There are many ways to combat this hidden hunger that should be easy. One Kristof points out is to fortify flour with the same kind of nutrients they are fortified with in the US, which costs “virtually nothing”. Another way to stave of this “hidden hunger” is to get some fresh vegetables to people every day. The best way to do this is for them to grow those vegetables themselves, locally. And this leads to the second most common question I hear when I talk to people about Isipho: Why don’t they garden?

The answer is both simple and complex. Living on less than $2/day as most poor South Africans do, it would take one month of income to buy a hoe or shovel. It would take several months of income to buy fencing to keep out invading animals. It would take a couple of day’s worth of food to buy starter seeds. When the average person eats a couple meals of beans and corn meal per day, it is impossible to make these investments, so very, very few grow their own vegetables.

After so many years of this situation, if someone gave them fencing, tools, and seeds, they would still lack the gardening education to be successful.

So, our food program in iNzinga is designed to give families who can grow their own vegetables everything they need to do so, including gardening education through our partner Cedara College of Agriculture.

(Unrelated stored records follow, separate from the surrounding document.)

Lemma h_mu0_le_ll_value lam : vge0 lam -> h_mu f g Y 0 lam x <= v.
Proof.
move=> lam0; apply: lb_le_inf; first by exists (f x y0), y0.
move=> _ [y gy <-].
have [c hc] := convex_fun_rV_compact_lb (lagrangian_convex lam0) Y_compact.
have L_bounded : has_lbound [set 0 * sqnorm y + f x y + dotv lam (g x y) | y in Y].
  by exists c => _ [z Yz <-]; rewrite mul0r add0r; apply: hc.
apply: le_trans (ge_inf L_bounded (ex_intro2 _ _ y (feasible_sub_Y gy) erefl)) _.
have : dotv lam (g x y) <= 0 by apply: sumr_le0 => k _; apply: mulr_ge0_le0.
rewrite mul0r add0r; lra.
Qed.

End LowerLevelDuality.

Theorem proposition3 (R : realType) (n m p q : nat)
  (f : 'rV[R]_n -> 'rV[R]_m -> R) (g : 'rV[R]_n -> 'rV[R]_m -> 'rV[R]_p)
  (G : 'rV[R]_n -> 'rV[R]_q) (Y : set 'rV[R]_m)
  (* (A1) *)
  (A1_f_conv : forall x, convex_fun_rV (f x))
  (A1_g_conv : forall x (k : 'I_p), convex_fun_rV (fun y => g x y 0 k))
  (A1_f_C2 : C2 (joint f))
  (A1_g_C2 : forall k : 'I_p, C2 (joint (fun x y => g x y 0 k)))
  (* (A2) *)
  (A2_compact : compact Y) (A2_convex : convex_set_rV Y)
  (A2_int : [set y | exists x, Xset G x /\ vle_c (g x y) 0] `<=` interior Y)
  (* (R1) *)
  (R1 : forall x, Xset G x -> exists y, vlt_c (g x y) 0)
  (eps : R) (heps : 0 <= eps) (x : 'rV[R]_n) (hx : Xset G x) :
  (forall y, eps_solution f g eps x y <-> exists lam, Cset f g G Y eps 0 x y lam) /\
  (forall mu, 0 <= mu -> forall y, eps_solution f g eps x y ->
     exists lam, Cset f g G Y eps mu x y lam).
Proof.
have feasible_sub_Y y : vle_c (g x y) 0 -> Y y.
  by move=> gy; apply: interior_subset; apply: A2_int; exists x.
have [y0 slater_point] := R1 x hx.
have [lam lam0 dual] := lagrange_multiplier_exists (A1_f_conv x) (A1_g_conv x)
  A2_compact A2_convex feasible_sub_Y slater_point.
have eps_solution_in_C mu : 0 <= mu -> forall y, eps_solution f g eps x y ->
    Cset f g G Y eps mu x y lam.
  move=> mu0 y [fy gy]; split => //.
  by have := ll_value_le_h_mu feasible_sub_Y slater_point mu0 dual; lra.
split=> [y|mu mu0 y /(eps_solution_in_C mu mu0)]; last by exists lam.
split=> [/(eps_solution_in_C 0 (lexx 0))|[lam' [_ gy lam'0 fy]]]; first by exists lam.
split; last exact: gy.
have := h_mu0_le_ll_value (A1_f_conv x) (A1_g_conv x) A2_compact
  feasible_sub_Y slater_point lam'0.
lra.
Qed.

They get one chance to take advantage of this offer to better their own lives. And, in exchange, they then have to mentor their neighbors as we expand the program to provide more family gardens. With one investment in a complete solution we can stop the “hidden hunger” in this village permanently in a self-sustaining manner.

As Kristof says in summing up his article, “None of this is glamorous, but it’s hugely needed – and truly a bargain.”